Authentication is typically done by passing your API key in the request headers. This allows you to securely access the Cognitive Actions functionalities.
Cognitive Actions Overview
Generate Indic TTS
Purpose:
The "Generate Indic TTS" action allows developers to convert text into spoken audio for Indic languages. You can customize the speech output using optional prompts and voice references, ensuring a natural and contextually relevant audio experience.
Category: Text-to-Speech
Input:
The input for this action is structured as a JSON object with the following fields:
- text (required): The main content to be converted into speech.
Example:"With tenure, Suzie'd have all the more leisure for yachting, but her publications are no good." - prompt (optional): A string that can be used to guide or customize the text processing.
Example:""(empty string). - textReference (optional): A snippet of text that provides context for the main text.
Example:"and keeping eternity before the eyes, though much." - speakerReference (optional): A URL linking to an audio file that serves as a reference for the speaker's voice.
Example:"https://replicate.delivery/pbxt/MNFXdPaUPOwYCZjZM4azsymbzE2TCV2WJXfGpeV2DrFWaSq8/example_en.wav"

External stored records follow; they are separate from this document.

Lemma mono_expansion g n mu x i k c (W : St) m (M : nat -> Cplx) (V : nat -> St) s :
  mono g n mu x i k (fun u => Cadd (Cmul c (W u)) (Csum m (fun j => Cmul (M j) (V j u)))) s
  = Cadd (Cmul c (mono g n mu x i k W s))
         (Csum m (fun j => Cmul (M j) (mono g n mu x i k (V j) s))).
Proof.
  rewrite mono_add, mono_scale, mono_Csum; f_equal.
  apply Csum_ext; intros; apply mono_scale.
Qed.

Definition vac_coef (g : Cplx) (n : nat) (mu : nat -> Cplx) (z : Cplx) (ys : list Cplx)
  : Cplx :=
  Cmul (vac_eigen g n mu z) (lprod ys (fun w => fratio g w z)).

Definition exch_coef (g : Cplx) (n : nat) (mu : nat -> Cplx) (z : Cplx) (ys : list Cplx)
  (i : nat) : Cplx :=
  let w := nth i ys C0 in
  Copp (Cmul (hratio g w z)
             (Cmul (vac_eigen g n mu w) (lprod (remove_at i ys) (fun u => fratio g u w)))).

Lemma exch_coef_cons_S g n mu z y ys i :
  apart (nth i ys C0) z -> apart y (nth i ys C0) -> apart y z ->
  exch_coef g n mu z (y :: ys) (S i)
  = Csub (Cmul (fratio g y z) (exch_coef g n mu z ys i))
         (Cmul (hratio g y z) (exch_coef g n mu y ys i)).
Proof.
  intros Hwz Hyw Hyz; unfold exch_coef; simpl.
  transitivity (Copp (Cmul (Cmul (hratio g (nth i ys C0) z) (fratio g y (nth i ys C0)))
    (Cmul (vac_eigen g n mu (nth i ys C0))
          (lprod (remove_at i ys) (fun u => fratio g u (nth i ys C0)))))); [ring|].
  rewrite hratio_fratio; auto; ring.
Qed.

Lemma exch_coef_cons_0 g n mu z y ys :
  exch_coef g n mu z (y :: ys) 0 = Copp (Cmul (hratio g y z) (vac_coef g n mu y ys)).
Proof. reflexivity. Qed.

Lemma vac_coef_cons g n mu z y ys :
  vac_coef g n mu z (y :: ys) = Cmul (fratio g y z) (vac_coef g n mu z ys).
Proof. unfold vac_coef; simpl; ring. Qed.

Definition A_action_formula (g : Cplx) (n : nat) (mu : nat -> Cplx) (z : Cplx)
  (ys : list Cplx) : Prop :=
  forall s, mono g n mu z false false (Bvec g n mu ys) s =
    Cadd (Cmul (vac_coef g n mu z ys) (Bvec g n mu ys s))
         (Csum (length ys) (fun i =>
            Cmul (exch_coef g n mu z ys i) (Bvec g n mu (replace_at ys i z) s))).

Lemma A_action_formula_cons g n mu z y ys :
  apart z y -> Forall (apart z) ys -> Forall (apart y) ys ->
  A_action_formula g n mu z ys -> A_action_formula g n mu y ys ->
  A_action_formula g n mu z (y :: ys).
Proof.
  intros Hzy Hzys Hyys IHz IHy s.
  transitivity (mono g n mu z false false (mono g n mu y false true (Bvec g n mu ys)) s);
    [reflexivity|].
  rewrite AB_exchange by (apply apart_sym; auto).
  rewrite (functional_extensionality _ _ IHz), (functional_extensionality _ _ IHy).
  rewrite !mono_expansion.
  cbn [length]; rewrite Csum_first, exch_coef_cons_0, vac_coef_cons; cbn [replace_at].
  fold (fratio g y z) (hratio g y z).
  change (mono g n mu y false true (Bvec g n mu ys)) with (Bvec g n mu (y :: ys)).
  change (mono g n mu z false true (Bvec g n mu ys)) with (Bvec g n mu (z :: ys)).
  rewrite (Csum_ext _ (fun j => Cmul (exch_coef g n mu z ys j)
      (mono g n mu y false true (fun u => Bvec g n mu (replace_at ys j z) u) s))
    (fun j => Cmul (exch_coef g n mu z ys j) (Bvec g n mu (y :: replace_at ys j z) s)))
    by reflexivity.
  rewrite (Csum_ext _ (fun j => Cmul (exch_coef g n mu y ys j)
      (mono g n mu z false true (fun u => Bvec g n mu (replace_at ys j y) u) s))
    (fun j => Cmul (exch_coef g n mu y ys j) (Bvec g n mu (y :: replace_at ys j z) s))).
  2: { intros j Hj; unfold Bvec;
       rewrite <- (Bprod_perm g n mu _ _ _ (perm_replace_at z y ys j Hj)); reflexivity. }
  rewrite (Csum_ext _ (fun i => Cmul (exch_coef g n mu z (y :: ys) (S i))
                                     (Bvec g n mu (y :: replace_at ys i z) s))
    (fun i => Cmul (Csub (Cmul (fratio g y z) (exch_coef g n mu z ys i))
                         (Cmul (hratio g y z) (exch_coef g n mu y ys i)))
                   (Bvec g n mu (y :: replace_at ys i z) s))).
  2: { intros i Hi; rewrite exch_coef_cons_S; [reflexivity | ..];
       pose proof (nth_In ys C0 Hi); rewrite Forall_forall in *; auto using apart_sym. }
  rewrite Csum_lincomb; ring.
Qed.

Here’s how the complete input JSON might look:
{
"text": "With tenure, Suzie'd have all the more leisure for yachting, but her publications are no good.",
"prompt": "",
"textReference": "and keeping eternity before the eyes, though much.",
"speakerReference": "https://replicate.delivery/pbxt/MNFXdPaUPOwYCZjZM4azsymbzE2TCV2WJXfGpeV2DrFWaSq8/example_en.wav"
}
Output:
Upon successful execution, the action returns a URL pointing to the generated audio file.

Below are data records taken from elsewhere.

(* Let $p>0$, let $f$ be a $p$-knowable Boolean function, and let $q>0$ with $pq>1$. Then for every integer $n\ge1$, $$\sum_{k>n}I_k(f)^q\le\mathbb E[(\max W(f))^p]^q\,\frac{n^{1-pq}}{pq-1}.$$ In particular, if $f$ is $p$-knowable for some $p>\tfrac12$, then $H(f)=\sum_k I_k(f)^2<\infty$.
   Context: Let $\Omega=\{-1,1\}$ and $\Omega^\infty=\{-1,1\}^{\mathbb N}$ with the uniform product probability measure; $\omega$ denotes a uniformly random element. A Boolean function is a measurable map $f:\Omega^\infty\to\Omega$. $\omega^{(k)}$ is $\omega$ with bit $k$ flipped; $I_k(f)=\mathbb P(f(\omega^{(k)})\ne f(\omega))$, $H(f)=\sum_kI_k(f)^2$. A set $W\subseteq\mathbb N$ is a witness set for $f$ at $\omega$ if there is an event $A$ with $\mathbb P(A)=1$ such that for all $\tilde\omega\in A$: if $\tilde\omega_i=\omega_i$ for all $i\in W$ then $f(\tilde\omega)=f(\omega)$. $f$ is finitary if almost surely a finite witness set exists; then $W(f)(\omega)$ denotes the least finite witness set in the order: smaller maximum first, then smaller cardinality, then lexicographic. $f$ is $p$-knowable if it is finitary and $\mathbb E[(\max W(f))^p]<\infty$. *)

From HB Require Import structures.
From mathcomp Require Import all_boot all_order all_algebra.
From mathcomp Require Import all_classical all_reals all_analysis.
Set Implicit Arguments. Unset Strict Implicit. Unset Printing Implicit Defensive.
Import Order.TTheory GRing.Theory Num.Theory.
Local Open Scope classical_set_scope.
Local Open Scope ring_scope.

(* Omega = {-1,1} is encoded by bool (true = +1, false = -1);
   Omega^infty = {-1,1}^N is nat -> bool. *)
Definition cube := nat -> bool.

Definition coord_events : set (set cube) :=
  fun A => exists (i : nat) (b : bool), A = [set w : cube | w i = b].

Definition Cube := g_sigma_algebraType coord_events.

Example Output: "https://assets.cognitiveactions.com/invocations/ac2f5a8d-3ee5-4f47-871c-149781cfae22/c195f58e-f31c-477d-8a2b-f6f0cddac070.wav"
Conceptual Usage Example (Python):
Here’s a conceptual example of how you might invoke the "Generate Indic TTS" action using Python:
import requests
import json
# Replace with your Cognitive Actions API key and endpoint
COGNITIVE_ACTIONS_API_KEY = "YOUR_COGNITIVE_ACTIONS_API_KEY"
COGNITIVE_ACTIONS_EXECUTE_URL = "https://api.cognitiveactions.com/actions/execute" # Hypothetical endpoint
action_id = "d3c9ebad-9005-4f74-a873-ada896efc4b3" # Action ID for Generate Indic TTS
# Construct the input payload based on the action's requirements
payload = {
"text": "With tenure, Suzie'd have all the more leisure for yachting, but her publications are no good.",
"prompt": "",
"textReference": "and keeping eternity before the eyes, though much.",
"speakerReference": "https://replicate.delivery/pbxt/MNFXdPaUPOwYCZjZM4azsymbzE2TCV2WJXfGpeV2DrFWaSq8/example_en.wav"
}
headers = {
"Authorization": f"Bearer {COGNITIVE_ACTIONS_API_KEY}",
"Content-Type": "application/json"
}
try:
response = requests.post(
COGNITIVE_ACTIONS_EXECUTE_URL,
headers=headers,
json={"action_id": action_id, "inputs": payload} # Hypothetical structure
)
response.raise_for_status() # Raise an exception for bad status codes (4xx or 5xx)
result = response.json()
print("Action executed successfully:")
print(json.dumps(result, indent=2))
except requests.exceptions.RequestException as e:
print(f"Error executing action {action_id}: {e}")
if e.response is not None:
print(f"Response status: {e.response.status_code}")
try:
print(f"Response body: {e.response.json()}")
except json.JSONDecodeError:
print(f"Response body: {e.response.text}")
In this code snippet, replace YOUR_COGNITIVE_ACTIONS_API_KEY with your actual API key. The action_id is specified for the "Generate Indic TTS" action, and the input payload is structured according to the requirements. The endpoint URL and JSON structure are illustrative.
Conclusion
The ttsds/parlertts_indic Cognitive Actions offer a robust solution for integrating text-to-speech capabilities in Indic languages into your applications. With the ability to customize text prompts and speaker references, you can create a more engaging user experience. Start leveraging these actions today to enhance your applications with dynamic audio content!